Oracle DB: Differences Between JOIN Joinings LEFT JOIN and LEFT OUTER JOIN

The difference between LEFT JOIN and LEFT OUTER JOIN remains unclear for many. And there are also many for whom the word outer is not far from optional.

Here is the problem. Knowing that in Oracle, a left join (LEFT JOIN) by default constitutes an outer join (OUTER JOIN) the use of the terms INNER (internal) and OUTER (external) appears strange. Indeed, it should be obvious that INNER associates itself only with JOIN or FULL JOIN (which logically is the same thing if internal) to provide all the correspondences present in two tables. And that OUTER associates with LEFT, RIGHT and FULL.

In fact, the joins in the Oracle DBMS (and especially LEFT JOIN and LEFT OUTER JOIN) can be very confusing, even more for beginners.

Let’s define each of them to answer other recurring questions about them.

Oracle has three types of OUTER JOIN: LEFT, RIGHT and FULL.

A left outer join (LEFT OUTER JOIN) contains all records in the “left” table, even if it has no match in the “right” table specified in the join. A right outer join (RIGHT OUTER JOIN) contains all records in the “right” table, even if it has no match in the “left” table. A full outer join (FULL OUTER JOIN) contains all the records in the left and right tables.

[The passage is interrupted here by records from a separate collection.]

(* Let $(X,d)$ be a nonempty metric space, let $F:X\rightarrow K(X)$ be a set-valued uniform pointwise contraction with modulus $\beta\in[0,1)$, and let $p:[0,1]\to X$ be a continuous path with $l(p)<\infty$. Then $l(F\circ p)\le\beta\, l(p)<\infty$, where $$l(F\circ p):=\sup_{\pi\in\Pi}\sum_{i=1}^n H(F(p(t_{i-1})),F(p(t_i))).$$
   Context: $\Pi$ is the set of finite partitions $0=t_0<t_1<\cdots<t_n=1$ of $[0,1]$. The length of a path $p$ is $l(p)=\sup_{\pi\in\Pi}\sum_{i=1}^n d(p(t_{i-1}),p(t_i))$. $K(X)$ is the set of nonempty compact subsets of $X$; $H$ is the Hausdorff distance $H(A,B)=\max\{\sup_{a\in A}\inf_{b\in B}d(a,b),\sup_{b\in B}\inf_{a\in A}d(a,b)\}$. $F$ is a set-valued uniform pointwise contraction with modulus $\beta$ if every $x\in X$ has an open neighborhood $N(x)$ with $H(F(x),F(y))\le\beta\, d(x,y)$ for all $y\in N(x)$. *)

From HB Require Import structures.
From mathcomp Require Import all_boot all_order all_algebra.
From mathcomp Require Import all_classical all_reals all_analysis.
Set Implicit Arguments. Unset Strict Implicit. Unset Printing Implicit Defensive.
Import Order.TTheory GRing.Theory Num.Theory.
Local Open Scope classical_set_scope.
Local Open Scope ring_scope.

Section Defs.
Variables (R : realType) (X : Type) (d : X -> X -> R).

Definition is_metric : Prop :=
  (forall x y, 0 <= d x y) /\ (forall x y, d x y = 0 <-> x = y) /\
  (forall x y, d x y = d y x) /\ (forall x y z, d x z <= d x y + d y z).

Definition mopen (U : set X) : Prop :=
  forall x, U x -> exists e : R, 0 < e /\ forall y, d x y < e -> U y.

Definition mcompact (K : set X) : Prop :=
  forall (I : Type) (U : I -> set X), (forall i, mopen (U i)) ->
    K `<=` \bigcup_i U i ->
    exists J : set I, finite_set J /\ K `<=` \bigcup_(i in J) U i.

Definition nonempty_compact (K : set X) : Prop := K !=set0 /\ mcompact K.

Definition hausdorff (A B : set X) : \bar R :=
  Order.max
    (ereal_sup [set ereal_inf [set (d a b)%:E | b in B] | a in A])
    (ereal_sup [set ereal_inf [set (d a b)%:E | a in A] | b in B]).

Definition uniform_pointwise_contraction (F : X -> set X) (beta : R) : Prop :=
  forall x, exists N : set X, mopen N /\ N x /\
    forall y, N y -> (hausdorff (F x) (F y) <= (beta * d x y)%:E)%E.

(* continuity of a path [0,1] -> X (path given as a function on R,
   only its values on [0,1] matter) *)
Definition path_continuous (p : R -> X) : Prop :=
  forall t, 0 <= t <= 1 -> forall e : R, 0 < e ->
    exists delta : R, 0 < delta /\
      forall s, 0 <= s <= 1 -> `|s - t| < delta -> d (p t) (p s) < e.
End Defs.

Definition is_partition (R : realType) (n : nat) (t : nat -> R) : Prop :=
  t 0%N = 0 /\ t n = 1 /\ forall i, (i < n)%N -> t i < t i.+1.

Definition var_len (R : realType) (X : Type) (D : X -> X -> \bar R)
  (p : R -> X) : \bar R :=
  ereal_sup [set v : \bar R | exists (n : nat) (t : nat -> R),
    is_partition n t /\ v = (\sum_(i < n) D (p (t i)) (p (t i.+1)))%E].

From HB Require Import structures.
From mathcomp Require Import all_boot all_order all_algebra.
From mathcomp Require Import all_classical all_reals all_analysis.
Import Order.TTheory GRing.Theory Num.Theory.
Local Open Scope classical_set_scope.
Local Open Scope ring_scope.
Set Implicit Arguments. Unset Strict Implicit. Unset Printing Implicit Defensive.

(** The pointwise contraction of [F] at [p T] and the continuity of [p] at [T]
    give [H(F(p T), F(p s)) <= beta d(p T, p s)] for all [s] near [T].  Since
    [H] is a pseudometric on nonempty sets, a real-induction (supremum) argument on
    [[a, b]] produces a subdivision [w] of [[a, b]] with
    [H(F(p a), F(p b)) <= beta * sum_j d(p w_j, p w_(j+1))].  Concatenating
    these subdivisions over the intervals of a partition of [[0, 1]] bounds the
    Hausdorff sum of the partition by [beta] times a length sum of [p], hence
    by [beta l(p)]. *)

Section Excess.
Variables (R : realType) (X : Type) (D : X -> X -> R).
Hypothesis D_ge0 : forall x y, 0 <= D x y.
Hypothesis D_triangle : forall x y z, D x z <= D x y + D y z.

Definition edist_set (x : X) (C : set X) : \bar R :=
  ereal_inf [set (D x c)%:E | c in C].

Definition excess (A B : set X) : \bar R :=
  ereal_sup [set edist_set a B | a in A].

Lemma edist_set_ge0 x C : (0 <= edist_set x C)%E.
Proof. by apply/ereal_infP => _ [c _ <-]; rewrite lee_fin. Qed.

Lemma edist_set_triangle x y C :
  (edist_set x C <= (D x y)%:E + edist_set y C)%E.
Proof.
rewrite -leeBlDl //; apply/ereal_infP => _ [c Cc <-]; rewrite leeBlDl // -EFinD.
by apply: ge_ereal_inf; exists (D x c)%:E; [exists c | rewrite lee_fin].
Qed.

Lemma excess_triangle A B C : B !=set0 ->
  (excess A C <= excess A B + excess B C)%E.
Proof.
move=> [b0 Bb0]; apply: ge_ereal_sup => _ [a Aa <-].
have le_AB : (edist_set a B <= excess A B)%E by apply: ereal_sup_ubound; exists a.
have : (0 <= excess B C)%E.
  by apply: le_trans (edist_set_ge0 b0 C) _; apply: ereal_sup_ubound; exists b0.
case E : (excess B C) => [s| |] // _; last first.
  have AB_ge0 := le_trans (edist_set_ge0 a B) le_AB.
  by rewrite addey ?leey // gt_eqF // (lt_le_trans _ AB_ge0).
rewrite -leeBlDr //; apply: le_trans le_AB; apply/ereal_infP => _ [b Bb <-].
rewrite leeBlDr //; apply: le_trans (edist_set_triangle a b C) _; apply: leeD2l.
by rewrite -E; apply: ereal_sup_ubound; exists b.
Qed.
End Excess.

Section Hausdorff.
Variables (R : realType) (X : Type) (d : X -> X -> R).
Hypothesis d_metric : is_metric d.

Lemma hausdorffE A B : hausdorff d A B = maxe (excess d A B) (excess d B A).
Proof.
case: d_metric => _ [_ [d_sym _]]; congr maxe.
congr (ereal_sup (image B _)); apply: funext => b.
by congr (ereal_inf (image A _)); apply: funext => a; rewrite d_sym.
Qed.

Lemma hausdorff_sym A B : hausdorff d A B = hausdorff d B A.
Proof. by rewrite !hausdorffE maxC. Qed.

Lemma hausdorff_triangle A B C : B !=set0 ->
  (hausdorff d A C <= hausdorff d A B + hausdorff d B C)%E.
Proof.
case: d_metric => d_ge0 [_ [_ d_tri]] B0; rewrite !hausdorffE ge_max.
apply/andP; split.
  by apply: le_trans (excess_triangle d_ge0 d_tri A C B0) (leeD _ _);
    rewrite le_max lexx.
rewrite addeC; apply: le_trans (excess_triangle d_ge0 d_tri C A B0) (leeD _ _);
  by rewrite le_max lexx orbT.
Qed.

Lemma hausdorff_self_le0 A : (hausdorff d A A <= 0)%E.
Proof.
case: d_metric => _ [d_eq0 _]; rewrite hausdorffE maxxx.
apply: ge_ereal_sup => _ [a Aa <-]; apply: ge_ereal_inf.
by exists (d a a)%:E; [exists a | rewrite (proj2 (d_eq0 a a) erefl)].
Qed.
End Hausdorff.

Lemma real_induction (R : realType) (P : R -> Prop) (a b : R) :
  a <= b -> P a ->
  (forall T, a <= T <= b -> exists2 e, 0 < e &
     (forall t, a <= t < T -> T - e < t -> P t -> P T) /\
     (P T -> forall s, T < s <= b -> s < T + e -> P s)) ->
  P b.
Proof.
move=> ab Pa local.
pose S := [set t | a <= t <= b /\ P t].
have Sa : S a by split; rewrite ?lexx ?ab.
have S_sup : has_sup S by split; [exists a | exists b => t [/andP[]]].
pose T := sup S.
have aT : a <= T by apply: sup_upper_bound.
have Tb : T <= b by apply: ge_sup; [exists a | move=> t [/andP[]]].
have [e e0 [P_left P_right]] := local T (introT andP (conj aT Tb)).
have PT : P T.
  have [t [/andP[a_le_t t_le_b] Pt] Tt] := sup_adherent e0 S_sup.
  have tT : t <= T by apply: sup_upper_bound => //; split; rewrite ?a_le_t.
  have [<- //|tNT] := eqVneq t T.
  by apply: P_left Pt; rewrite // a_le_t lt_neqAle tNT.
have [T_lt_b|] := ltP T b; last by move=> bT; rewrite -(@le_anti _ _ T b) ?Tb.
pose s := Num.min b (T + e / 2).
have Ts : T < s by rewrite lt_min T_lt_b ltrDl divr_gt0.
have Ss : S s.
  split; first by rewrite ge_min lexx (le_trans aT (ltW Ts)).
  apply: P_right => //; first by rewrite Ts ge_min lexx.
  by rewrite gt_min ltrD2l ltr_pdivrMr // ltr_pMr // ltr1n orbT.
by have := sup_upper_bound S_sup Ss; rewrite leNgt Ts.
Qed.

Section Subdivision.
Variable R : numDomainType.

Definition subdivision (a b : R) (n : nat) (t : nat -> R) : Prop :=
  t 0%N = a /\ t n = b /\ forall i, (i < n)%N -> t i < t i.+1.

Definition cat_subdivision (m : nat) (u w : nat -> R) : nat -> R :=
  fun j => if (j <= m)%N then u j else w (j - m)%N.

Lemma cat_subdivision_ge m u w j : u m = w 0%N -> (m <= j)%N ->
  cat_subdivision m u w j = w (j - m)%N.
Proof.
move=> uw mj; rewrite /cat_subdivision; case: leqP => // jm.
have -> : j = m by apply/eqP; rewrite eqn_leq jm mj.
by rewrite subnn.
Qed.

Lemma subdivision_cat a b c m n u w :
  subdivision a b m u -> subdivision b c n w ->
  subdivision a c (m + n) (cat_subdivision m u w).
Proof.
move=> [u0 [um u_incr]] [w0 [wn w_incr]].
have uw : u m = w 0%N by rewrite um w0.
split; first by rewrite /cat_subdivision leq0n.
split; first by rewrite cat_subdivision_ge ?leq_addr // addKn.
move=> j j_lt; have [jm | mj] := ltnP j m.
  by rewrite /cat_subdivision jm (ltnW jm); apply: u_incr.
rewrite !cat_subdivision_ge ?(leqW mj) // subSn //; apply: w_incr.
by rewrite ltn_subLR.
Qed.

Lemma subdivision_step a b : a < b ->
  subdivision a b 1 (fun j => if j == 0%N then a else b).
Proof. by move=> ab; split=> //; split=> // [[]]. Qed.

Lemma subdivision_le a b n t i : subdivision a b n t -> (i <= n)%N ->
  a <= t i <= b.
Proof.
move=> [t0 [tn t_incr]] i_le_n.
have t_mono : {in [pred j | j <= n]%N &, {homo t : j k / (j <= k)%N >-> j <= k}}.
  apply: Order.NatMonotonyTheory.nondecn_inP
    => [j l _ /[!inE] ln k /andP[_ kl]|j _ /[!inE] jn].
    exact: leq_trans (ltnW kl) ln.
  exact/ltW/t_incr.
by rewrite -{1}t0 -tn !t_mono ?inE.
Qed.
End Subdivision.

Section PathSum.
Variables (R : realType) (X : Type) (d : X -> X -> R) (p : R -> X).

Definition path_sum (n : nat) (t : nat -> R) : R :=
  \sum_(0 <= j < n) d (p (t j)) (p (t j.+1)).

Lemma path_sum_cat m n u w : u m = w 0%N ->
  path_sum (m + n) (cat_subdivision m u w) = path_sum m u + path_sum n w.
Proof.
move=> uw; rewrite /path_sum (@big_cat_nat _ _ _ m) ?leq_addr // /=.
congr (_ + _).
  by apply: eq_big_nat => j /andP[_ jm]; rewrite /cat_subdivision jm (ltnW jm).
rewrite -{1}[m]add0n big_addn addKn; apply: eq_big_nat => j _.
by rewrite -addSn !cat_subdivision_ge ?leq_addl // !addnK.
Qed.

Lemma path_sum_step a b :
  path_sum 1 (fun j => if j == 0%N then a else b) = d (p a) (p b).
Proof. by rewrite /path_sum big_nat1. Qed.

Lemma path_sum_le_var_len n t : is_partition n t ->
  ((path_sum n t)%:E <= var_len (fun x y => (d x y)%:E) p)%E.
Proof.
move=> t_part; apply: ereal_sup_ubound; exists n, t; split=> //.
by rewrite /path_sum big_mkord sumEFin.
Qed.

Variable beta : R.

Definition dominated_by_path_sum (v : \bar R) (a b : R) : Prop :=
  exists n t, subdivision a b n t /\ (v <= (beta * path_sum n t)%:E)%E.

Lemma dominated_by_path_sum_le v v' a b : (v <= v')%E ->
  dominated_by_path_sum v' a b -> dominated_by_path_sum v a b.
Proof.
by move=> vv' [n [t [tS le_v']]]; exists n, t; split; last exact: le_trans le_v'.
Qed.

Lemma dominated_by_path_sum0 a : dominated_by_path_sum 0 a a.
Proof. by exists 0%N, (fun=> a); split; [|rewrite /path_sum big_geq ?mulr0]. Qed.

Lemma dominated_by_path_sum_step a b : a < b ->
  dominated_by_path_sum (beta * d (p a) (p b))%:E a b.
Proof.
move=> ab; exists 1%N, (fun j => if j == 0%N then a else b).
by split; [exact: subdivision_step|rewrite path_sum_step].
Qed.

Lemma dominated_by_path_sum_cat v v' a b c :
  dominated_by_path_sum v a b -> dominated_by_path_sum v' b c ->
  dominated_by_path_sum (v + v') a c.
Proof.
move=> [m [u [uS le_v]]] [n [w [wS le_v']]].
exists (m + n)%N, (cat_subdivision m u w).
split; first exact: subdivision_cat uS wS.
rewrite path_sum_cat; last by case: uS => _ [-> _]; case: wS => ->.
by rewrite mulrDr EFinD leeD.
Qed.
End PathSum.

Section ContractionAlongPath.
Variables (R : realType) (X : Type) (d : X -> X -> R) (F : X -> set X).
Variables (beta : R) (p : R -> X).
Hypothesis d_metric : is_metric d.
Hypothesis F_neq0 : forall x, F x !=set0.
Hypothesis F_contraction : uniform_pointwise_contraction d F beta.
Hypothesis p_cont : path_continuous d p.

Let h s t := hausdorff d (F (p s)) (F (p t)).

Lemma local_contraction_along_path T : 0 <= T <= 1 -> exists2 e, 0 < e &
  forall s, 0 <= s <= 1 -> `|s - T| < e -> (h T s <= (beta * d (p T) (p s))%:E)%E.
Proof.
move=> T01; have [N [N_open [NpT N_contr]]] := F_contraction (p T).
have [r [r0 N_ball]] := N_open _ NpT.
have [e [e0 near_T]] := p_cont T01 r0.
by exists e => // s s01 sT; apply/N_contr/N_ball/near_T.
Qed.

Lemma dominated_hausdorff_extend a t s : t < s ->
  (h t s <= (beta * d (p t) (p s))%:E)%E ->
  dominated_by_path_sum d p beta (h a t) a t ->
  dominated_by_path_sum d p beta (h a s) a s.
Proof.
move=> ts h_ts dom_t.
apply: (@dominated_by_path_sum_le _ _ _ _ _ _ (h a t + h t s)).
  exact: hausdorff_triangle.
apply: dominated_by_path_sum_cat dom_t _.
exact: dominated_by_path_sum_le h_ts (dominated_by_path_sum_step _ _ _ ts).
Qed.

Lemma dominated_hausdorff_interval a b : 0 <= a -> a <= b -> b <= 1 ->
  dominated_by_path_sum d p beta (h a b) a b.
Proof.
move=> a0 ab b1; case: (d_metric) => _ [_ [d_sym _]].
pose P t := dominated_by_path_sum d p beta (h a t) a t.
apply: (real_induction (P := P)) ab _ _.
  apply: dominated_by_path_sum_le (dominated_by_path_sum0 _ _ _ _).
  exact: hausdorff_self_le0.
move=> T /andP[aT Tb].
have T01 : 0 <= T <= 1 by rewrite (le_trans a0 aT) (le_trans Tb b1).
have [e e0 near_T] := local_contraction_along_path T01.
exists e => //; split=> [t /andP[a_le_t tT] Tt Pt|dom_T s /andP[Ts sb] sT].
  apply: dominated_hausdorff_extend (tT) _ Pt; rewrite /h hausdorff_sym // d_sym.
  apply: near_T.
    by rewrite (le_trans a0 a_le_t) (le_trans (ltW tT) (le_trans Tb b1)).
  by rewrite distrC ger0_norm ?subr_ge0 ?(ltW tT) // ltrBlDl -ltrBlDr.
apply: dominated_hausdorff_extend (Ts) _ dom_T; apply: near_T.
  by rewrite (le_trans a0 (le_trans aT (ltW Ts))) (le_trans sb b1).
by rewrite ger0_norm ?subr_ge0 ?(ltW Ts) // ltrBlDl.
Qed.

Lemma dominated_hausdorff_sum a b n t : 0 <= a -> b <= 1 -> subdivision a b n t ->
  dominated_by_path_sum d p beta (\sum_(0 <= i < n) h (t i) (t i.+1)) a b.
Proof.
move=> a0 b1 tS; case: (tS) => t0 [tn t_incr].
suff dom_k k : (k <= n)%N ->
    dominated_by_path_sum d p beta (\sum_(0 <= i < k) h (t i) (t i.+1)) a (t k).
  by rewrite -tn; apply: dom_k.
elim: k => [_|k IH kn].
  by rewrite big_geq // t0; exact: dominated_by_path_sum0.
rewrite big_nat_recr //=; apply: dominated_by_path_sum_cat (IH (ltnW kn)) _.
have /andP[ak _] := subdivision_le tS (ltnW kn).
have /andP[_ k1b] := subdivision_le tS kn.
apply: dominated_hausdorff_interval (ltW (t_incr _ kn)) _.
  exact: le_trans a0 ak.
exact: le_trans k1b b1.
Qed.
End ContractionAlongPath.

Theorem lemma13 (R : realType) (X : Type) (d : X -> X -> R)
  (F : X -> set X) (beta : R) (p : R -> X) :
  is_metric d -> inhabited X ->
  (forall x, nonempty_compact d (F x)) ->
  0 <= beta < 1 ->
  uniform_pointwise_contraction d F beta ->
  path_continuous d p ->
  (var_len (fun x y => (d x y)%:E) p < +oo)%E ->
  (var_len (fun x y => hausdorff d (F x) (F y)) p
     <= beta%:E * var_len (fun x y => (d x y)%:E) p)%E /\
  (beta%:E * var_len (fun x y => (d x y)%:E) p < +oo)%E.
Proof.
move=> d_metric _ F_compact /andP[beta0 _] F_contraction p_cont l_fin.
have F_neq0 x : F x !=set0 by case: (F_compact x).
split; last by apply: lte_mul_pinfty; rewrite ?lee_fin.
apply: ge_ereal_sup => _ [n [t [t_part ->]]].
rewrite -(big_mkord xpredT (fun i => hausdorff d (F (p (t i))) (F (p (t i.+1))))).
have [m [w [w_part le_sum]]] :=
  dominated_hausdorff_sum d_metric F_neq0 F_contraction p_cont
    (lexx 0) (lexx 1) t_part.
apply: le_trans le_sum _; rewrite EFinM.
apply: lee_wpmul2l; first by rewrite lee_fin.
exact: path_sum_le_var_len.
Qed.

An outer join (OUTER JOIN) extends the result of a single join by returning all rows that satisfy the join condition, but also some or all of the rows from a given table, for which no row from the other table does not satisfy the join condition.

The keyword OUTER (external) is optional. However, in reality, it should be mandatory. It is also recommended to always include it in the outer joins of Oracle (OUTER JOIN) to remember that it is indeed an outer join.

Remember also that the keywords LEFT, RIGHT and FULL are mandatory, just like JOIN. The LEFT, RIGHT, and FULL OUTER JOIN types are the only types of OUTER JOIN.

The INNER JOIN inner join command means that all result rows were produced by matching to a condition between the two tables. An outer join command, OUTER JOIN, displays result rows where there is sometimes no match, but rows in one or both tables are returned unmatched.